#### RECORDED DATA:
(* The space $C([a,b],\mathbb{R}_\mathcal{I})$ of continuous interval-valued functions on $[a,b]$, with pointwise operations and the norm $\|\bar f\|_\infty=\max_{x\in[a,b]}\|\bar f(x)\|$, is a Banach space.
   Context: An interval number is a closed interval $\bar a=[a_l,a_r]$ with $a_l<a_r$ real; $\mathbb{R}_\mathcal{I}$ is the set of interval numbers. Write $a_c=(a_l+a_r)/2$, $a_w=(a_r-a_l)/2>0$, $\bar a=\langle a_c;a_w\rangle=[a_c-a_w,a_c+a_w]$. Operations: $\bar a+\bar b=\langle a_c+b_c;a_wb_w\rangle$, $k\bar a=\langle ka_c;a_w^k\rangle$, $\bar a-\bar b=\langle a_c-b_c;a_w/b_w\rangle$; norm $\|\bar a\|=\sqrt{a_c^2+\ln^2a_w}$; distance $d(\bar a,\bar b)=\|\bar a-\bar b\|$. Continuity of $\bar f:[a,b]\to\mathbb{R}_\mathcal{I}$ is with respect to $d$. Pointwise operations: $(\bar f+\bar g)(x)=\bar f(x)+\bar g(x)$, $(k\bar f)(x)=k\bar f(x)$. *)

From Stdlib Require Import Reals Lra.
From Coquelicot Require Import Coquelicot.
Open Scope R_scope.

(* An interval number <c; w> = [c - w, c + w] with w > 0 (center/radius form). *)
Record Inum := mkI { ic : R; iw : R; iw_pos : 0 < iw }.

Definition Iadd (a b : Inum) : Inum :=
  mkI (ic a + ic b) (iw a * iw b) (Rmult_lt_0_compat _ _ (iw_pos a) (iw_pos b)).

Definition Iscal (k : R) (a : Inum) : Inum :=
  mkI (k * ic a) (Rpower (iw a) k) (exp_pos _).

Definition Isub (a b : Inum) : Inum :=
  mkI (ic a - ic b) (iw a / iw b)
      (Rdiv_lt_0_compat _ _ (iw_pos a) (iw_pos b)).

Definition Inorm (a : Inum) : R := sqrt (ic a ^ 2 + ln (iw a) ^ 2).

Definition Idist (a b : Inum) : R := Inorm (Isub a b).

Definition Dom (a b : R) : Type := {x : R | a <= x <= b}.

Definition IFun (a b : R) : Type := Dom a b -> Inum.

Definition Izero : Inum := mkI 0 1 Rlt_0_1.

Definition Fzero {a b : R} : IFun a b := fun _ => Izero.
Definition Fadd {a b : R} (f g : IFun a b) : IFun a b := fun x => Iadd (f x) (g x).
Definition Fscal {a b : R} (k : R) (f : IFun a b) : IFun a b := fun x => Iscal k (f x).
Definition Fsub {a b : R} (f g : IFun a b) : IFun a b := fun x => Isub (f x) (g x).

Definition Icontinuous {a b : R} (f : IFun a b) : Prop :=
  forall (x : Dom a b) (eps : R), 0 < eps ->
    exists delta : R, 0 < delta /\
      forall y : Dom a b, Rabs (proj1_sig y - proj1_sig x) < delta ->
        Idist (f y) (f x) < eps.

Definition Supnorm {a b : R} (f : IFun a b) : R :=
  real (Lub_Rbar (fun y => exists x : Dom a b, y = Inorm (f x))).

From Stdlib Require Import Reals Lra ProofIrrelevance FunctionalExtensionality.
From Coquelicot Require Import Coquelicot.
Open Scope R_scope.

(* The map u |-> (u_c, ln u_w) is a bijection from R_I onto R^2 which turns
   the operations +, k . and - of R_I into the vector operations of R^2 and
   the norm of R_I into the Euclidean norm.  Hence C([a,b], R_I) is an
   isometric copy of C([a,b], R^2) with the sup norm, and everything reduces
   to classical facts: a continuous function on [a,b] attains the maximum of
   its norm, a uniformly Cauchy sequence of functions into the complete space
   R^2 converges uniformly, and a uniform limit of continuous functions is
   continuous. *)

Lemma minus_plus_plus {G : AbelianGroup} (u v u' v' : G) :
  minus (plus u v) (plus u' v') = plus (minus u u') (minus v v').
Proof.
  unfold minus. rewrite opp_plus, !plus_assoc. f_equal.
  rewrite <- !plus_assoc. f_equal. apply plus_comm.
Qed.

Lemma norm_minus_sym {K : AbsRing} {V : NormedModule K} (x y : V) :
  norm (minus x y) = norm (minus y x).
Proof. now rewrite <- opp_minus, norm_opp. Qed.
Record attaching n (att : bd_chains n -> point) (b : chains n -> A) : Prop := {
  att_mono : forall d1 d2 : bd_chains n, val d1 \subset val d2 -> le_pt (att d1) (att d2);
  map_mono : forall c1 c2 : chains n, val c1 \subset val c2 -> ple (b c1) (b c2);
  proj_att : forall d, proj_pt (att d) = b (bd_incl n d) }.

(* Points on the boundary of a cell are represented in the cells they are
   attached to, so well-formed points have [setT] in their chain. *)
Fixpoint wf_pt (x : point) : Prop :=
  let: Point n c att b := x in
  [/\ setT \in val c, forall d, wf_pt (att d) & attaching att b].

Lemma proj_pt_mono x y : wf_pt y -> le_pt x y -> ple (proj_pt x) (proj_pt y).
Proof.
elim: y x => n c att IH b x /= [_ att_wf att_b] [[c' -> c'c] | [d dc xd]].
- exact: map_mono att_b _ _ c'c.
- apply: ple_trans (IH d x (att_wf d) xd) _.
  by rewrite (proj_att att_b); apply: (map_mono att_b).
Qed.

Definition pt_poset (P : point -> Prop) : Poset.
Proof.
refine {| carrier := {x : point | P x}; ple x y := le_pt (sval x) (sval y) |}.
- by move=> x; exact: le_pt_refl.
- by move=> x y xy yx; apply/sval_inj/le_pt_antisym.
- by move=> x y z; exact: le_pt_trans.
Defined.

Definition attach n (att : bd_chains n -> point) (b : chains n -> A) (c : chains n) : point :=
  if insub (val c) is Some d then att d else Point n c att b.

Section Attach.
Variables (n : nat) (att : bd_chains n -> point) (b : chains n -> A).

Lemma attach_bd d : attach att b (bd_incl n d) = att d.
Proof.
rewrite /attach; case: insubP => [d' _ d'd | ]; first by congr att; apply: val_inj.
by rewrite /= (valP d).
Qed.

Lemma attach_int (c : chains n) : setT \in val c -> attach att b c = Point n c att b.
Proof.
move=> cT; rewrite /attach; case: insubP => [d | //].
by rewrite /is_bd_chain cT andbF.
Qed.

Hypotheses (att_wf : forall d, wf_pt (att d)) (att_b : attaching att b).

Lemma attach_wf (c : chains n) : wf_pt (attach att b c).
Proof. by case: (chainsP c) => [[d ->] | cT]; [rewrite attach_bd | rewrite attach_int]. Qed.

Lemma attach_mono (c1 c2 : chains n) :
  val c1 \subset val c2 -> le_pt (attach att b c1) (attach att b c2).
Proof.
case: (chainsP c1) => [[d1 ->] | c1T]; case: (chainsP c2) => [[d2 ->] | c2T] c12.
- by rewrite !attach_bd; exact: (att_mono att_b).
- by rewrite attach_bd attach_int //; right; exists d1; last exact: le_pt_refl.
- by move: (valP d2) (subsetP c12 _ c1T); rewrite /is_bd_chain => /andP [_ /negP].
- by rewrite !attach_int //; left; exists c1.
Qed.

Lemma proj_attach (c : chains n) : proj_pt (attach att b c) = b c.
Proof.
case: (chainsP c) => [[d ->] | cT]; last by rewrite attach_int.
by rewrite attach_bd (proj_att att_b).
Qed.

End Attach.

Definition free_cx : Poset := pt_poset wf_pt.

Definition proj_cx : Mono free_cx A :=
  @Build_Mono free_cx A (fun x => proj_pt (sval x))
    (fun x y => @proj_pt_mono (sval x) (sval y) (proj2_sig y)).

Lemma proj_cx_trivial_fibration : trivial_fibration proj_cx.
Proof.
move=> n a e ae; pose att d := sval (a d).
have att_wf d : wf_pt (att d) by exact: proj2_sig.
have att_b : attaching att e.
  by split=> [d1 d2 | c1 c2 | d]; [exact: (mmono a) | exact: (mmono e) | exact: ae].
pose h c : free_cx := exist _ (attach att e c) (attach_wf att_wf att_b c).
exists (@Build_Mono (PiSd2Delta n) free_cx h (fun c1 c2 => @attach_mono _ _ _ att_b c1 c2)).
split=> [d | c]; last exact: proj_attach.
by apply: sval_inj; rewrite /= attach_bd.
Qed.

Definition in_subcx (S : list point) (x : point) : Prop :=
  exists2 k, List.In k S & same_cell k x.

Definition subcx (S : list point) : Poset := pt_poset (fun x => wf_pt x /\ in_subcx S x).

Definition subcx_closed (S : list point) : Prop :=
  forall k, List.In k S ->
    wf_pt k /\ let: Point n _ att _ := k in forall d, in_subcx S (att d).

Lemma exists_max_height (S : list point) : S <> nil ->
  exists2 k, List.In k S & forall k', List.In k' S -> height k' <= height k.
Proof.
elim: S => [//|x [|y S] IH] _; first by exists x => [|k' [<-|[]]]; [left|].
have [k kS k_max] := IH ltac:(by []).
case: (leqP (height x) (height k)) => [xk | kx].
- by exists k => [|k' [<-|k'S]]; [right | | exact: k_max].
- by exists x => [|k' [<-|k'S]]; [left | | exact: leq_trans (k_max _ k'S) (ltnW kx)].
Qed.

Definition drop_cell (K : point) (S : list point) : list point :=
  List.filter (fun k => ~~ classicb (same_cell K k)) S.

Lemma In_drop_cell K S k : List.In k (drop_cell K S) <-> List.In k S /\ ~ same_cell K k.
Proof.
rewrite List.filter_In; split=> -[kS Kk]; split=> //; first by move/classicbP; apply/negP.
by apply/negP => /classicbP.
Qed.

Lemma length_drop_cell K S : List.In K S -> length (drop_cell K S) < length S.
Proof.
elim: S => [//|x S IH] /= [-> | KS].
- rewrite (introT (classicbP _) (same_cell_refl K)) ltnS.
  by apply/leP; exact: List.filter_length_le.
- by case: ifP => _ /=; rewrite ltnS; [exact: IH | exact: ltnW (IH KS)].
Qed.

Lemma in_subcx_drop_cell K S y :
  in_subcx (drop_cell K S) y <-> in_subcx S y /\ ~ same_cell K y.
Proof.
split=> [[k /In_drop_cell [kS Kk] ky] | [[k kS ky] Ky]].
- by split=> [|Ky]; [exists k | apply: Kk; exact: same_cell_trans Ky (same_cell_sym ky)].
- by exists k => //; apply/In_drop_cell; split=> // Kk; apply: Ky; exact: same_cell_trans Kk ky.
Qed.

Lemma drop_cell_closed K S : subcx_closed S ->
  (forall k, List.In k S -> height k <= height K) -> subcx_closed (drop_cell K S).
Proof.
move=> S_closed K_top k /In_drop_cell [kS Kk]; have [k_wf att_S] := S_closed k kS.
split=> //; case: k kS Kk k_wf att_S => n c att b kS _ _ att_S d.
apply/in_subcx_drop_cell; split=> [|/same_cell_height K_d]; first exact: att_S.
by have := leq_trans (height_att c att b d) (K_top _ kS); rewrite K_d ltnn.
Qed.

Section DropTopCell.
Variables (S : list point) (n : nat) (c0 : chains n).
Variables (att : bd_chains n -> point) (b : chains n -> A).
Let K := Point n c0 att b.
Hypotheses (K_S : List.In K S) (K_top : forall k, List.In k S -> height k <= height K).
Hypothesis S_closed : subcx_closed S.
Let S' := drop_cell K S.

Lemma top_cell_wf : wf_pt (Point n c0 att b).
Proof. exact: (S_closed K_S).1. Qed.

Lemma top_att_wf d : wf_pt (att d).
Proof. by case: top_cell_wf => _ att_wf _; exact: att_wf. Qed.

Lemma top_attaching : attaching att b.
Proof. by case: top_cell_wf. Qed.

Lemma top_att_in d : in_subcx S' (att d).
Proof.
apply/in_subcx_drop_cell; split=> [|/same_cell_height K_d]; first exact: (S_closed K_S).2.
by have := height_att c0 att b d; rewrite K_d ltnn.
Qed.

Lemma top_cell_in c : in_subcx S (attach att b c).
Proof.
case: (chainsP c) => [[d ->] | cT]; first by rewrite attach_bd; exact: (S_closed K_S).2.
by rewrite attach_int //; exists K => //; exists c.
Qed.

Lemma subcx_height (x : subcx S) : height (sval x) <= height K.
Proof. by case: x => x [_ [k kS /same_cell_height ->]]; exact: K_top. Qed.

Definition top_att : Mono (PiSd2bdDelta n) (subcx S') :=
  @Build_Mono (PiSd2bdDelta n) (subcx S')
    (fun d => exist _ (att d) (conj (top_att_wf d) (top_att_in d)))
    (att_mono top_attaching).

Definition top_cell : Mono (PiSd2Delta n) (subcx S) :=
  @Build_Mono (PiSd2Delta n) (subcx S)
    (fun c => exist _ (attach att b c)
                (conj (attach_wf top_att_wf top_attaching c) (top_cell_in c)))
    (attach_mono top_attaching).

#### REQUIREMENT:
Search the entries above for the string "Poset", and report each line where it occurs.

#### OUTPUT OF THE EXERCISE:
Definition pt_poset (P : point -> Prop) : Poset.
Definition free_cx : Poset := pt_poset wf_pt.
Definition subcx (S : list point) : Poset := pt_poset (fun x => wf_pt x /\ in_subcx S x).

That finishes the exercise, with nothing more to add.